It is evening and there is not a soul in sight. I am in Vepery, walking through Maddox Street. I glance at quaintly-named Bread Godown Street and enter General Collins Road. All at once there is a hush and the sounds of traffic and daily life cease.
General Collins Road is watched over by a series of high compound walls. I am now at its notorious double bend, a spot from where I cannot see what is lurking on either side. A perfect spot for a murder. And that is probably why on 8th November 1944, CN Lakshmikantham, muckraker and blackmailer who ran a yellow journal, was stabbed right here.

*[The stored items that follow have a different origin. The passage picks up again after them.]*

Lemma tridiag_entry (i j : 'I_l) :
  (eps%:M + Mmat R l) i j = (2 + eps) * (j == i :> nat)%:R - (j == i.+1 :> nat)%:R
     - ((0 < i)%N && (j == i.-1 :> nat))%:R.
Proof.
rewrite !mxE distn_eq1 [(j == i :> nat)]eq_sym -[(i == j)]/(val i == val j).
have [lt_ij|lt_ji|eq_ij] := ltngtP i j.
- rewrite [(i.+1 == j)]eq_sym.
  have -> : (0 < i)%N && (j == i.-1 :> nat) = false by apply/negbTE/negP; lia.
  rewrite /= ?mulr0n ?mulr1n ?mulr0 ?mulr1; lra.
- have -> : (j == i.+1 :> nat) = false by apply/negbTE/negP; lia.
  have -> : (i == j.+1 :> nat) = (0 < i)%N && (j == i.-1 :> nat).
    by apply/eqP/andP; [move=> ->|case=> ? /eqP ->]; lia.
  rewrite /= ?mulr0n ?mulr1n ?mulr0 ?mulr1; lra.
- have -> : (j == i.+1 :> nat) = false by apply/negbTE/negP; lia.
  have -> : (i == j.+1 :> nat) = false by apply/negbTE/negP; lia.
  have -> : (0 < i)%N && (j == i.-1 :> nat) = false by apply/negbTE/negP; lia.
  rewrite /= ?mulr0n ?mulr1n ?mulr0 ?mulr1; lra.
Qed.

Lemma tridiag_row_action (i : 'I_l) (F : nat -> R) :
  \sum_(j < l) (eps%:M + Mmat R l) i j * F j =
  (2 + eps) * F i - (i.+1 < l)%:R * F i.+1 - (0 < i)%:R * F i.-1.
Proof.
transitivity (\sum_(0 <= j < l) ((2 + eps) * ((j == i)%:R * F j) - (j == i.+1)%:R * F j
    - (0 < i)%:R * ((j == i.-1)%:R * F j))).
  rewrite big_mkord; apply: eq_bigr => j _; rewrite tridiag_entry.
  by case: (0 < i)%N => /=; ring.
rewrite !sumrB -!mulr_sumr !sum_nat_indicator ltn_ord.
have -> : (i.-1 < l)%N by have := ltn_ord i; lia.
by rewrite /=; ring.
Qed.

Hypothesis eps_ge0 : 0 <= eps.

Lemma mulmx_tridiag_green : (eps%:M + Mmat R l) *m cheb_green (2 + eps) l = 1%:M.
Proof.
have c_ge2 : 2 <= 2 + eps by rewrite lerDl.
set T := cheb (2 + eps).
apply/matrixP => i k; rewrite !mxE.
under eq_bigr => j _ do rewrite [cheb_green _ _ _ _]mxE.
rewrite (tridiag_row_action i (fun a => T (minn a k).+1 * T (l - maxn a k)%N / T l.+1)) /=.
have -> : (i.+1 < l)%:R * (T (minn i.+1 k).+1 * T (l - maxn i.+1 k)%N / T l.+1)
    = T (minn i.+1 k).+1 * T (l - maxn i.+1 k)%N / T l.+1.
  case: ltnP => [_|le_li]; first by rewrite mul1r.
  have -> : (l - maxn i.+1 k = 0)%N by lia.
  by rewrite /T cheb0 mulr0 !mul0r.
have -> : (0 < i)%:R * (T (minn i.-1 k).+1 * T (l - maxn i.-1 k)%N / T l.+1)
    = T (minn i k.+1) * T (l - maxn i.-1 k)%N / T l.+1.
  case: (posnP i) => [->|i_gt0]; first by rewrite /T /= cheb0 !mul0r.
  by rewrite /= mul1r; congr (T _ * _ / _); lia.
rewrite -[(i == k)%:R](mulfK (chebS_neq0 c_ge2 l)).
rewrite -(cheb_green_recurrence _ (ltn_ord k) _ (ltn_ord i)).
by rewrite /T; field; rewrite chebS_neq0.
Qed.

Lemma invmx_tridiag : invmx (eps%:M + Mmat R l) = cheb_green (2 + eps) l.
Proof.
have [unitA _] := mulmx1_unit mulmx_tridiag_green.
by rewrite -[invmx _]mulmx1 -mulmx_tridiag_green mulmxA mulVmx // mul1mx.
Qed.

Lemma invmx_tridiag_diag_incr (i j : 'I_l) : (i < j)%N -> (j < l./2)%N ->
  invmx (eps%:M + Mmat R l) i i < invmx (eps%:M + Mmat R l) j j.
Proof.
move=> lt_ij lt_j2; have c_ge2 : 2 <= 2 + eps by rewrite lerDl.
rewrite invmx_tridiag !mxE !minnn !maxnn ltr_pM2r ?invr_gt0 ?cheb_gt0 //.
by apply: cheb_green_diag_incr => //; rewrite inE //; exact: ltn_trans lt_j2.
Qed.

End TridiagonalInverse.

Lemma subV_mul_le (R : realFieldType) (a b t : R) :
  0 < t -> 1 <= a -> a <= b -> t <= b -> (a^-1 - b^-1) * t <= b - a.
Proof.
move=> t_gt0 a_ge1 le_ab le_tb.
have a_gt0 : 0 < a by lra.
have b_gt0 : 0 < b by lra.
rewrite -(ler_pM2r (mulr_gt0 a_gt0 b_gt0)).
have -> : (a^-1 - b^-1) * t * (a * b) = (b - a) * t by field; rewrite !lt0r_neq0.
by apply: ler_wpM2l; [lra|nra].
Qed.

Lemma harmonic_bound_step (R : realFieldType) (m e : R) : 1 <= m -> 0 <= e ->
  2 + e - (1 + m^-1 + m * e)^-1 <= 1 + (m + 1)^-1 + (m + 1) * e.
Proof.
move=> m_ge1 e_ge0; rewrite -subr_ge0.
have m_gt0 : 0 < m by lra.
have m1_gt0 : 0 < m + 1 by lra.
have D_gt0 : 0 < m + 1 + m * m * e by nra.
have -> : 1 + (m + 1)^-1 + (m + 1) * e - (2 + e - (1 + m^-1 + m * e)^-1)
    = m * e * (2 * m + 1 + (m + 1) * m * m * e) / ((m + 1) * (m + 1 + m * m * e)).
  by field; rewrite !lt0r_neq0.
have mme_ge0 : 0 <= (m + 1) * m * m * e by rewrite !mulr_ge0 //; lra.
apply: divr_ge0; first by rewrite !mulr_ge0 //; lra.
by rewrite mulr_ge0 //; lra.
Qed.

Section Recursions.
Context {R : realType} {eps : R}.

Lemma p_auxS n : p_aux eps n.+1 = 2 + eps - (p_aux eps n)^-1.
Proof. by []. Qed.

Lemma p'_auxS n : p'_aux eps n.+1 = 2 + eps - (p'_aux eps n)^-1.
Proof. by []. Qed.

Lemma p_aux_cheb n : 0 <= eps -> p_aux eps n = cheb (2 + eps) n.+2 / cheb (2 + eps) n.+1.
Proof.
move=> eps_ge0; have c_ge2 : 2 <= 2 + eps by rewrite lerDl.
elim: n => [|n IH]; first by rewrite chebSS cheb1 cheb0 divr1 /=; ring.
rewrite p_auxS IH invf_div [cheb _ n.+3]chebSS.
by field; rewrite chebS_neq0.
Qed.

Lemma p'_aux_cheb n : 0 <= eps ->
  p'_aux eps n = (cheb (2 + eps) n.+2 - cheb (2 + eps) n.+1)
                 / (cheb (2 + eps) n.+1 - cheb (2 + eps) n).
Proof.
move=> eps_ge0; have c_ge2 : 2 <= 2 + eps by rewrite lerDl.
elim: n => [|n IH]; first by rewrite chebSS cheb1 cheb0 /=; field.
rewrite p'_auxS IH invf_div [cheb _ n.+3]chebSS.
have -> : cheb (2 + eps) n = (2 + eps) * cheb (2 + eps) n.+1 - cheb (2 + eps) n.+2.
  by rewrite chebSS; ring.
by field; rewrite cheb_diff_neq0.
Qed.

Lemma prod_p k : 0 <= eps -> \prod_(1 <= j < k.+1) p eps j = cheb (2 + eps) k.+1.
Proof.
move=> eps_ge0; have c_ge2 : 2 <= 2 + eps by rewrite lerDl.
elim: k => [|k IH]; first by rewrite big_geq // cheb1.
rewrite big_nat_recr //= IH /p p_aux_cheb //.
by field; rewrite chebS_neq0.
Qed.

Lemma prod_p' k : 0 <= eps ->
  \prod_(1 <= j < k.+1) p' eps j = cheb (2 + eps) k.+1 - cheb (2 + eps) k.
Proof.
move=> eps_ge0; have c_ge2 : 2 <= 2 + eps by rewrite lerDl.
elim: k => [|k IH]; first by rewrite big_geq // cheb1 cheb0 subr0.
rewrite big_nat_recr //= IH /p' p'_aux_cheb //.
by field; rewrite cheb_diff_neq0.
Qed.

Lemma prod_p'_prod_p k : 0 <= eps ->
  \prod_(1 <= j < k.+2) p' eps j = (p eps k.+1 - 1) * \prod_(1 <= j < k.+1) p eps j.
Proof.
move=> eps_ge0; have c_ge2 : 2 <= 2 + eps by rewrite lerDl.
rewrite prod_p' // prod_p // /p (p_aux_cheb k eps_ge0).
by field; rewrite chebS_neq0.
Qed.

Lemma sqr_sqrt_disc : 0 <= eps ->
  Num.sqrt (eps + eps ^+ 2 / 4) * Num.sqrt (eps + eps ^+ 2 / 4) = eps + eps * eps / 4.
Proof. by move=> eps_ge0; rewrite -!expr2 sqr_sqrtr // addr_ge0 ?divr_ge0 ?sqr_ge0. Qed.

Lemma p_plus_lb : 0 <= eps -> 1 + Num.sqrt eps <= p_plus eps.
Proof.
move=> eps_ge0.
have : Num.sqrt eps <= Num.sqrt (eps + eps ^+ 2 / 4).
  by apply: ler_wsqrtr; rewrite lerDl divr_ge0 ?sqr_ge0.
rewrite /p_plus; lra.
Qed.

Lemma p_plus_ub : 0 <= eps -> p_plus eps <= 1 + eps + Num.sqrt eps.
Proof.
move=> eps_ge0; have s_sq := sqr_sqrt_disc eps_ge0.
have s_ge0 := sqrtr_ge0 (eps + eps ^+ 2 / 4); have r_ge0 := sqrtr_ge0 eps.
have r_sq : Num.sqrt eps * Num.sqrt eps = eps by rewrite -expr2 sqr_sqrtr.
rewrite /p_plus; nra.
Qed.

Lemma p_plus_gt0 : 0 <= eps -> 0 < p_plus eps.
Proof. by move=> eps_ge0; have := p_plus_lb eps_ge0; have := sqrtr_ge0 eps; lra. Qed.

Lemma p_plus_fixed : 0 <= eps -> 2 + eps - (p_plus eps)^-1 = p_plus eps.
Proof.
move=> eps_ge0; have s_sq := sqr_sqrt_disc eps_ge0.
apply: (mulIf (lt0r_neq0 (p_plus_gt0 eps_ge0))).
rewrite mulrBl mulVf ?lt0r_neq0 ?p_plus_gt0 // /p_plus; nra.
Qed.

Lemma p_aux_gt_p_plus n : 0 <= eps -> p_plus eps < p_aux eps n.
Proof.
move=> eps_ge0; have x_gt0 := p_plus_gt0 eps_ge0.
elim: n => [|n IH].
  have s_sq := sqr_sqrt_disc eps_ge0; have s_ge0 := sqrtr_ge0 (eps + eps ^+ 2 / 4).
  rewrite /= /p_plus; nra.
rewrite p_auxS -{1}(p_plus_fixed eps_ge0) ltrD2l ltrN2 ltf_pV2 ?posrE //.
exact: lt_trans IH.
Qed.

Lemma p_aux_decr n : 0 <= eps -> p_aux eps n.+1 < p_aux eps n.
Proof.
move=> eps_ge0; have x_gt0 := p_plus_gt0 eps_ge0.
have p_gt0 k : 0 < p_aux eps k by exact: lt_trans (p_aux_gt_p_plus k eps_ge0).
elim: n => [|n IH].
  have : 0 < (2 + eps)^-1 by rewrite invr_gt0; lra.
  rewrite p_auxS /=; lra.
by rewrite p_auxS [X in _ < X]p_auxS ltrD2l ltrN2 ltf_pV2 ?posrE.
Qed.

Lemma p'_aux_ge1 n : 0 <= eps -> 1 <= p'_aux eps n.
Proof.
move=> eps_ge0; elim: n => [|n IH]; first by rewrite /= lerDl.
have : (p'_aux eps n)^-1 <= 1 by rewrite invf_le1 // (lt_le_trans ltr01).
rewrite p'_auxS; lra.
Qed.

Lemma p'_aux_le_p_plus n : 0 <= eps -> p'_aux eps n <= p_plus eps.
Proof.
move=> eps_ge0; have x_gt0 := p_plus_gt0 eps_ge0.
elim: n => [|n IH]; rewrite -(p_plus_fixed eps_ge0).
  have : (p_plus eps)^-1 <= 1.
    by rewrite invf_le1 //; have := p_plus_lb eps_ge0; have := sqrtr_ge0 eps; lra.
  rewrite /=; lra.
rewrite p'_auxS lerD2l lerN2 lef_pV2 ?posrE ?IH //.
by have := p'_aux_ge1 n eps_ge0; lra.
Qed.

Lemma p'_aux_incr n : 0 <= eps -> p'_aux eps n <= p'_aux eps n.+1.
Proof.
move=> eps_ge0; have p'_gt0 k : 0 < p'_aux eps k by have := p'_aux_ge1 k eps_ge0; lra.
elim: n => [|n IH].
  have : (1 + eps)^-1 <= 1 by rewrite invf_le1 //; lra.
  rewrite p'_auxS /=; lra.
by rewrite p'_auxS [X in _ <= X]p'_auxS lerD2l lerN2 lef_pV2 ?posrE.
Qed.

Lemma p_aux_ub n : 0 <= eps -> p_aux eps n <= 1 + (n.+1%:R)^-1 + n.+1%:R * eps.
Proof.
move=> eps_ge0; elim: n => [|n IH]; first by rewrite invr1 mul1r /=; lra.
have m_ge1 : 1 <= n.+1%:R :> R by rewrite ler1n.
have p_gt0 : 0 < p_aux eps n := lt_trans (p_plus_gt0 eps_ge0) (p_aux_gt_p_plus n eps_ge0).
rewrite -natr1 p_auxS; apply: le_trans; last exact: harmonic_bound_step m_ge1 eps_ge0.
by rewrite lerD2l lerN2 lef_pV2 ?posrE // (lt_le_trans p_gt0 IH).
Qed.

High society detested him for he wrote of their shenanigans if not placated with money. But Nemesis was nigh. In the words of VC Gopalaratnam in his A Century Completed, A history of the Madras High Court, (1862-1962), Vadivelu, a workman in the office of a local newspaper, Nagalingam and others are said to “have deployed themselves along the General Collins Road till it joined Purasawalkam High Road. At that junction, accused 8, a policeman in service, was stationed to ward off the traffic entering General Collins Road. About 9 o’clock, Lakshmikantham left his lawyer’s house, getting into a rickshaw drawn by Gopal, and proceeded along General Collins Road till he reached the sudden double turn where there was a measure of privacy.”
Vadivelu and Nagalingam “who were running along with the rickshaw suddenly attacked it, drove away the rickshaw man which tilted the rickshaw backwards exposing Lakshmikantham to attack. Both the accused stabbed him with bichuvas in the lower abdomen…”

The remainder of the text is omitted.